- Born: Dubach, Louisiana
- Education: Grambling State University University of California, Los Angeles
- Employer(s): Cisco Systems Texas Instruments

= Dixie Garr =

American computer engineer

Dixie Tyran Garr (born 1956) is an American computer engineer who served as Vice President at Cisco Systems and Head of Software Engineering at Texas Instruments.
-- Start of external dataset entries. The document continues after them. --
(* Run the rank-augmenting TTN integrator (described in the context) on the maximal tree $\bar\tau$ with an orthonormal starting TTN $Y_{\bar\tau}^0$ of full tree rank, a function $F$, and times $t_0<t_1$. Let $\tau=(\tau_1,\dots,\tau_m)$ be any non-leaf subtree of $\bar\tau$, and consider the call of the integrator at $\tau$ (the top-level call if $\tau=\bar\tau$, otherwise the recursive call arising in the computation), with starting TTN $Y_\tau^0=C_\tau^0\times_0\mathbf{I}_{r_\tau}\times_{i=1}^m\mathbf{U}_{\tau_i}^0$. Let $\widehat{\mathbf{U}}_{\tau_i}$ ($i=1,\dots,m$) and $\widehat C_\tau^0=C_\tau^0\times_{i=1}^m\widehat{\mathbf{M}}_{\tau_i}$ be the augmented basis matrices and augmented initial connection tensor computed in this call, and set $\widehat Y_\tau^0:=\widehat C_\tau^0\times_0\mathbf{I}_{r_\tau}\times_{i=1}^m\widehat{\mathbf{U}}_{\tau_i}$. Then $\widehat Y_\tau^0 = Y_\tau^0$.
   Context: Tensor notation: for a tensor with modes indexed $0,1,\dots,m$, $\mathrm{mat}_i$ is the mode-$i$ matricization (rows indexed by the $i$th index) and $\mathrm{ten}_i$ its inverse; $A\times_i\mathbf{B}$ is the mode-$i$ product, $\mathrm{mat}_i(A\times_i\mathbf{B})=\mathbf{B}\,\mathrm{mat}_i(A)$; $\times_{i=1}^m$ denotes successive products in modes $1,\dots,m$; ${}^*$ is conjugate transpose; $\|\cdot\|$ and $\langle X,Y\rangle=\sum \overline{x}\,y$ are the Euclidean norm and inner product of the vectors of entries. Trees: given a finite leaf set $\mathcal{L}=\{1,\dots,d\}$, each leaf $l$ is a tree with leaf set $\{l\}$; if $\tau_1,\dots,\tau_m$ ($m\ge2$) are trees with pairwise disjoint leaf sets, the ordered tuple $\tau=(\tau_1,\dots,\tau_m)$ is a tree whose leaf set is their union; the $\tau_i$ are its direct subtrees, and subtrees are defined recursively ($\sigma\le\tau$, $\sigma<\tau$ if also $\sigma\ne\tau$). Fix a tree $\bar\tau$ with leaf set $\mathcal{L}$. Tree tensor networks (TTN): given dimensions $n_l$ and ranks $r_\sigma$ ($\sigma\le\bar\tau$, $r_{\bar\tau}=1$), basis matrices $\mathbf{U}_l\in\mathbb{C}^{n_l\times r_l}$ at leaves and connection tensors $C_\tau\in\mathbb{C}^{r_\tau\times r_{\tau_1}\times\dots\times r_{\tau_m}}$ of full multilinear rank at non-leaf subtrees $\tau=(\tau_1,\dots,\tau_m)$, set $X_l=\mathbf{U}_l^\top$, $X_\tau=C_\tau\times_0\mathbf{I}_{r_\tau}\times_{i=1}^m\mathbf{U}_{\tau_i}\in\mathcal{V}_\tau:=\mathbb{C}^{r_\tau\times n_{\tau_1}\times\dots\times n_{\tau_m}}$ with $n_\tau=\prod_i n_{\tau_i}$, and $\mathbf{U}_\tau=\mathrm{mat}_0(X_\tau)^\top\in\mathbb{C}^{n_\tau\times r_\tau}$; for a leaf, $\mathcal{V}_l:=\mathbb{C}^{r_l\times n_l}$. The TTN is orthonormal if every $\mathbf{U}_\sigma$, $\sigma<\bar\tau$, has orthonormal columns. Full tree rank means all connection tensors have full multilinear rank. $\mathcal{V}_{\bar\tau}$ is identified with $\mathbb{C}^{n_1\times\dots\times n_d}$. Reduced operators and starting values: for a non-leaf $\tau=(\tau_1,\dots,\tau_m)$, a function $F_\tau:[t_0,t_1]\times\mathcal{V}_\tau\to\mathcal{V}_\tau$ and a starting TTN $Y_\tau^0=C_\tau^0\times_0\mathbf{I}_{r_\tau}\times_{i=1}^m\mathbf{U}_{\tau_i}^0$ with $\mathbf{U}_{\tau_i}^0=\mathrm{mat}_0(X_{\tau_i}^0)^\top$, compute QR decompositions $\mathrm{mat}_i(C_\tau^0)^\top=\mathbf{Q}_{\tau_i}^0\mathbf{S}_{\tau_i}^{0,\top}$, let $\mathbf{V}_{\tau_i}^0=\mathrm{mat}_i\big(\mathrm{ten}_i(\mathbf{Q}_{\tau_i}^{0,\top})\times_0\mathbf{I}_{r_\tau}\times_{j\ne i}\mathbf{U}_{\tau_j}^0\big)^\top$, prolongation $\pi_{\tau,i}(Y)=\mathrm{ten}_i\big((\mathbf{V}_{\tau_i}^0\mathrm{mat}_0(Y))^\top\big)$ for $Y\in\mathcal{V}_{\tau_i}$, restriction $\pi_{\tau,i}^\dagger(Z)=\mathrm{ten}_0\big((\mathrm{mat}_i(Z)\mathbf{V}_{\tau_i}^0)^\top\big)$ for $Z\in\mathcal{V}_\tau$, and set $F_{\tau_i}(t,Y)=\pi_{\tau,i}^\dagger(F_\tau(t,\pi_{\tau,i}(Y)))$ and $Y_{\tau_i}^0=X_{\tau_i}^0\times_0\mathbf{S}_{\tau_i}^{0,\top}$. Rank-augmenting TTN integrator on $(\tau,Y_\tau^0,F_\tau,t_0,t_1)$, $\tau$ non-leaf: (1) for each $i$: if $\tau_i=l$ is a leaf, solve $\dot Y_l=F_l(t,Y_l)$, $Y_l(t_0)=Y_l^0$, let $\widehat{\mathbf{U}}_l$ have orthonormal columns spanning the range of $(Y_l(t_1)^\top,\mathbf{U}_l^0)$, and $\widehat{\mathbf{M}}_l=\widehat{\mathbf{U}}_l^*\mathbf{U}_l^0$; otherwise call the integrator recursively on $(\tau_i,Y_{\tau_i}^0,F_{\tau_i},t_0,t_1)$, obtaining $\widehat Y_{\tau_i}^1$ (with root connection tensor $\widehat C_{\tau_i}^1$) and $\widehat C_{\tau_i}^0$, let $\widehat{\mathbf{Q}}_{\tau_i}$ have orthonormal columns spanning the range of $(\mathrm{mat}_0(\widehat C_{\tau_i}^1)^\top,\mathrm{mat}_0(\widehat C_{\tau_i}^0)^\top)$, let $\widehat X_{\tau_i}$ be $\widehat Y_{\tau_i}^1$ with root connection tensor replaced by $\mathrm{ten}_0(\widehat{\mathbf{Q}}_{\tau_i}^\top)$, and set $\widehat{\mathbf{U}}_{\tau_i}=\mathrm{mat}_0(\widehat X_{\tau_i})^\top$, $\widehat{\mathbf{M}}_{\tau_i}=\widehat{\mathbf{U}}_{\tau_i}^*\mathbf{U}_{\tau_i}^0$. (2) Set $\widehat C_\tau^0=C_\tau^0\times_{i=1}^m\widehat{\mathbf{M}}_{\tau_i}$, solve $\dot{\widehat C}_\tau(t)=F_\tau\big(t,\widehat C_\tau(t)\times_0\mathbf{I}_{r_\tau}\times_{i=1}^m\widehat{\mathbf{U}}_{\tau_i}\big)\times_{i=1}^m\widehat{\mathbf{U}}_{\tau_i}^*$, $\widehat C_\tau(t_0)=\widehat C_\tau^0$, set $\widehat C_\tau^1=\widehat C_\tau(t_1)$, and return $\widehat Y_\tau^1=\widehat C_\tau^1\times_0\mathbf{I}_{r_\tau}\times_{i=1}^m\widehat{\mathbf{U}}_{\tau_i}$ and $\widehat C_\tau^0$. At the top level, $F_{\bar\tau}=F$ and $Y_{\bar\tau}^0$ is the given starting TTN. All differential equations are assumed to be solved exactly. *)

From HB Require Import structures.
From mathcomp Require Import all_boot all_order all_algebra.
From mathcomp Require Import all_classical all_reals topology normedtype.
From mathcomp.real_closed Require Import complex.
Set Implicit Arguments. Unset Strict Implicit. Unset Printing Implicit Defensive.
Import Order.TTheory GRing.Theory Num.Theory.
Import numFieldNormedType.Exports.
Local Open Scope ring_scope.
Local Open Scope classical_set_scope.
== Early life and education ==
Garr was born in Dubach, Louisiana. She was the youngest of her eight brothers and sisters, and graduated top of her class. She graduated summa cum laude with a degree in computer science from Grambling State University in 1975. During her college degree she interned at General Motors. She was a graduate student at University of California, Los Angeles, where she worked as a Hughes Aircraft Company Fellow. She earned a PhD in computer science and engineering, before joining Hughes Aircraft Company as an engineer.

== Career ==
Garr moved to Texas Instruments in 1981.

Garr worked at TI for almost twenty years. She held several leadership positions at TI, including advanced development manager, manager of the Information Technology group and manager of digital imaging. She was the first African-American Level 3 Director of software engineering at TI. At TI Garr launched a minority leadership program that included guest speakers, a sponsorship scheme and professional development for people from minoritised backgrounds. In 1997 Garr was named the "Black Engineer of the Year in Industry" by the council of engineering deans at historically black colleges and universities. She attended the Stanford University Executive Program. Garr returned to TI to lead the engineering teams working on programmes in defence and communications.

In 1998 Garr was recruited by Cisco Systems. At Cisco Garr led teams that looked after customer satisfaction and corporate quality.